Но даже не это было главным, что смущало Филипепи. В его глазах истинного католика бывший монах фра Филиппо был и оставался богоотступником. Дело в том, что, находясь в городке Прато, где он вместе со своим учеником фра Диаманте расписывал местный собор, Филиппо соблазнил молодую монахиню Лукрецию Бути, которую святые отцы предоставили в его распоряжение, чтобы он написал с нее Деву Марию. В одно прекрасное утро в Прато не обнаружили ни фра Филиппо, ни монахини — они бежали во Флоренцию. Назревал невиданный скандал. Дело нельзя было замять, так как в него вмешались родственники Лукреции, требовавшие самых суровых мер. Неизвестно, чем бы все это кончилось, если бы Козимо не добился от папы Пия II освобождения фра Филиппо и его монашки от данного ими обета. Они поженились, и в 1457 году у них родился сын, которого назвали Филиппино.
Несмотря на благополучный исход всей этой авантюры, в глазах верующих фра Филиппо так и не восстановил своей репутации. Он был отнесен к числу тех людей, от общения с которыми обыватели предпочитали воздерживаться.

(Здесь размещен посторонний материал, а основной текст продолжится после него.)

(* Let $n\ge 2$. Let $\hat a_{i,i-1}>0$ and $\hat b_{i,i-1}\in\mathbb{R}$ for $2\le i\le n$, and for $1\le m\le k\le n$ put $\hat a_{k,m}:=\prod_{i=m+1}^{k}\hat a_{i,i-1}$ (so $\hat a_{k,k}=1$). Let $L_i\in\mathbb{R}$ ($2\le i\le n$) and $R_i\in\mathbb{R}$ ($1\le i\le n-1$) satisfy $L_i=\hat a_{i,i-1}R_{i-1}+\hat b_{i,i-1}$ for $2\le i\le n$, and $L_i\le R_i$ for $2\le i\le n-1$. Suppose $\hat a_{j,1}=\prod_{i=2}^{j}\hat a_{i,i-1}\ge 1$ for all $2\le j\le n$. Then $$\sum_{i=2}^{n}\bigl(L_i-R_{i-1}\bigr)\le \frac{\hat a_{n,1}-1}{\hat a_{n,1}}\,L_n+\sum_{i=2}^{n}\frac{\hat b_{i,i-1}}{\hat a_{i,1}}.$$
   Context: Setting: a timing packet traverses a chain of nodes $1,2,\ldots,n$. Node $i$ ($2\le i\le n$) records a receive time-stamp $L_i=\tau^{i,l}(t_{i,l})$ and node $i$ ($1\le i\le n-1$) a send time-stamp $R_i=\tau^{i,r}(t_{i,r})$, where the ''left'' and ''right'' clocks of intermediate nodes are arbitrary functions. The numbers $\hat a_{i,i-1},\hat b_{i,i-1}$ are the declared relative skews and offsets between adjacent nodes; the relation $L_i=\hat a_{i,i-1}R_{i-1}+\hat b_{i,i-1}$ is the skew-consistency condition, and $L_i\le R_i$ expresses causality (a node cannot forward before receiving). *)

From mathcomp Require Import all_boot all_order all_algebra.
Set Implicit Arguments. Unset Strict Implicit. Unset Printing Implicit Defensive.
Import Order.TTheory GRing.Theory Num.Theory.
Local Open Scope ring_scope.

(* a i stands for the declared relative skew \hat a_{i,i-1} (meaningful for 2 <= i <= n).
   ahat a k m = \hat a_{k,m} = prod_{i=m+1}^{k} a i  (empty product = 1 when k = m). *)
Definition ahat (R : numDomainType) (a : nat -> R) (k m : nat) : R :=
  \prod_(m.+1 <= i < k.+1) a i.

From mathcomp Require Import all_boot all_order all_algebra.
From mathcomp Require Import ring lra zify.
Set Implicit Arguments. Unset Strict Implicit. Unset Printing Implicit Defensive.
Import Order.TTheory GRing.Theory Num.Theory.
Local Open Scope ring_scope.

(* Writing A_m := ahat a m 1, the partial sums
   S_m := sum_{i=2}^m (L_i - R_{i-1} - b_i / A_i) satisfy S_m <= (1 - 1/A_m) L_m.
   Passing from m to m+1 uses causality L_m <= R_m (the coefficient 1 - 1/A_m is
   nonnegative because A_m >= 1) and then the skew relation
   R_m + b_{m+1}/a_{m+1} = L_{m+1}/a_{m+1}, which turns
   (1 - 1/A_m) R_m + L_{m+1} - R_m - b_{m+1}/A_{m+1} into (1 - 1/A_{m+1}) L_{m+1}. *)

Lemma ahatnn (R : numDomainType) (a : nat -> R) m : ahat a m m = 1.
Proof. by rewrite /ahat big_geq. Qed.

Lemma ahat_recr (R : numDomainType) (a : nat -> R) l m :
  (l <= m)%N -> ahat a m.+1 l = ahat a m l * a m.+1.
Proof. by move=> lm; rewrite /ahat big_nat_recr. Qed.

Lemma skew_step (R : fieldType) (x y r c : R) : x != 0 -> y != 0 ->
  (x - 1) / x * r + ((y * r + c) - r) - c / (x * y)
    = (x * y - 1) / (x * y) * (y * r + c).
Proof. by move=> x0 y0; field; rewrite y0 x0. Qed.

Section ChainBound.

Variables (R : realFieldType) (n : nat) (a b L Rs : nat -> R).
Hypothesis a_gt0 : forall i, (2 <= i <= n)%N -> 0 < a i.
Hypothesis skew : forall i, (2 <= i <= n)%N -> L i = a i * Rs i.-1 + b i.
Hypothesis causal : forall i, (2 <= i <= n.-1)%N -> L i <= Rs i.
Hypothesis ahat_ge1 : forall j, (2 <= j <= n)%N -> 1 <= ahat a j 1.

Let A m := ahat a m 1.

Lemma A_ge1 m : (1 <= m <= n)%N -> 1 <= A m.
Proof.
case/andP=> m1 mn; have [m_gt1 | m_le1] := ltnP 1 m.
  by apply: ahat_ge1; rewrite m_gt1.
have -> : m = 1%N by lia.
by rewrite /A ahatnn.
Qed.

Lemma drift_coef_ge0 m : (1 <= m <= n)%N -> 0 <= (A m - 1) / A m.
Proof.
move=> /A_ge1 A1; rewrite divr_ge0 ?subr_ge0 //.
exact: le_trans ler01 A1.
Qed.

Lemma drift_coef_causal m : (1 <= m < n)%N ->
  (A m - 1) / A m * L m <= (A m - 1) / A m * Rs m.
Proof.
move=> m_range; have [m_gt1 | m_le1] := ltnP 1 m.
  by rewrite ler_wpM2l ?drift_coef_ge0 ?causal //; lia.
have -> : m = 1%N by lia.
by rewrite /A ahatnn subrr !mul0r.
Qed.

Lemma partial_sum_bound m : (1 <= m <= n)%N ->
  \sum_(2 <= i < m.+1) (L i - Rs i.-1 - b i / A i) <= (A m - 1) / A m * L m.
Proof.
elim: m => [//|m IH] m_range.
have [-> | m_gt0] := posnP m; first by rewrite big_geq // /A ahatnn subrr !mul0r.
have m_lt_n : (1 <= m < n)%N by lia.
have Am_gt0 : 0 < A m by apply: (lt_le_trans ltr01); apply: A_ge1; lia.
have am_gt0 : 0 < a m.+1 by apply: a_gt0; lia.
rewrite big_nat_recr //= /A ahat_recr // skew /=; last by lia.
have := skew_step (Rs m) (b m.+1) (lt0r_neq0 Am_gt0) (lt0r_neq0 am_gt0).
have := IH ltac:(lia); have := drift_coef_causal m_lt_n.
rewrite /A; lra.
Qed.

End ChainBound.

Theorem lemma1 (R : realFieldType) (n : nat) (a b L Rs : nat -> R) :
  (2 <= n)%N ->
  (forall i, (2 <= i <= n)%N -> 0 < a i) ->
  (forall i, (2 <= i <= n)%N -> L i = a i * Rs i.-1 + b i) ->
  (forall i, (2 <= i <= n.-1)%N -> L i <= Rs i) ->
  (forall j, (2 <= j <= n)%N -> 1 <= ahat a j 1) ->
  \sum_(2 <= i < n.+1) (L i - Rs i.-1)
    <= (ahat a n 1 - 1) / ahat a n 1 * L n
       + \sum_(2 <= i < n.+1) b i / ahat a i 1.
Proof.
move=> n_ge2 a_gt0 skew causal ahat_ge1.
have := partial_sum_bound a_gt0 skew causal ahat_ge1 (m := n) ltac:(lia).
by rewrite sumrB lerBlDr addrC.
Qed.
Lemma line_third_point (long : long3 IsLine) {L} a b : IsLine L -> exists c, L c /\ c <> a /\ c <> b.
Proof.
  intro HL. destruct (long L HL) as [c1 [c2 [c3 [H12 [H13 [H23 [L1 [L2 L3]]]]]]]].
  destruct (classic (c1 = a \/ c1 = b)); [destruct (classic (c2 = a \/ c2 = b))|].
  - exists c3. split; [exact L3|]. split; intro; subst; intuition congruence.
  - exists c2. tauto.
  - exists c1. tauto.
Qed.

Lemma line_point_off_line (long : long3 IsLine) {L M} o : IsLine L -> IsLine M -> M <> L ->
  exists c, L c /\ c <> o /\ ~ M c.
Proof.
  intros HL HM HML.
  destruct (classic (exists m, M m /\ L m)) as [[m [Mm Lm]]|Hmiss].
  - destruct (line_third_point long o m HL) as [c [Lc [Hco Hcm]]].
    exists c. repeat split; auto. intro Mc. exact (HML (line_unique HM HL Mm Mc Lm Lc (not_eq_sym Hcm))).
  - destruct (line_other_point o HL) as [c [Lc Hco]]. exists c. repeat split; eauto.
Qed.

Section Parallel.
Hypothesis par : parallel_property IsLine.

Definition parallel L x (Lam : X -> Prop) :=
  IsLine Lam /\ Lam x /\ forall z, Lam z -> span L x z /\ ~ L z.

Lemma parallel_exists {L x} : IsLine L -> ~ L x -> exists Lam, parallel L x Lam.
Proof. intros HL Hx. destruct (par L x HL Hx) as [[Lam [? [? ?]]] _]. exists Lam. split; auto. Qed.

Lemma parallel_unique {L x Lam Lam'} : IsLine L -> ~ L x ->
  parallel L x Lam -> parallel L x Lam' -> Lam = Lam'.
Proof.
  intros HL Hx [H1 [H2 H3]] [H1' [H2' H3']].
  apply set_ext, (proj2 (par L x HL Hx) Lam Lam'); auto.
Qed.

И Филипепи в числе многих считал, что именно такие, с позволения сказать, священнослужители подрывают устои церкви и превращают ее слуг в посмешище. Недаром ведь авторитет церкви пал так низко, что дальше некуда — над ней открыто издеваются не только модные литераторы вроде того же Боккаччо, но и бродячие комедианты. Поведение таких монахов достойно самого сурового осуждения. Да и чего еще можно ожидать, если многие во Флоренции сбиты с толку рассуждениями о свободе! Не то было раньше, когда свято соблюдались традиции отцов, когда боялись греха и дорожили добродетелями. В том мире, в котором жил Мариано, пока еще не растеряли прежних моральных принципов. И как только могла прийти Сандро такая сумасбродная мысль? Мариано, как мог, оберегал сына от соприкосновения с этим развратным миром, и имеет ли он теперь право собственными руками толкать его в ловушку, расставленную дьяволом?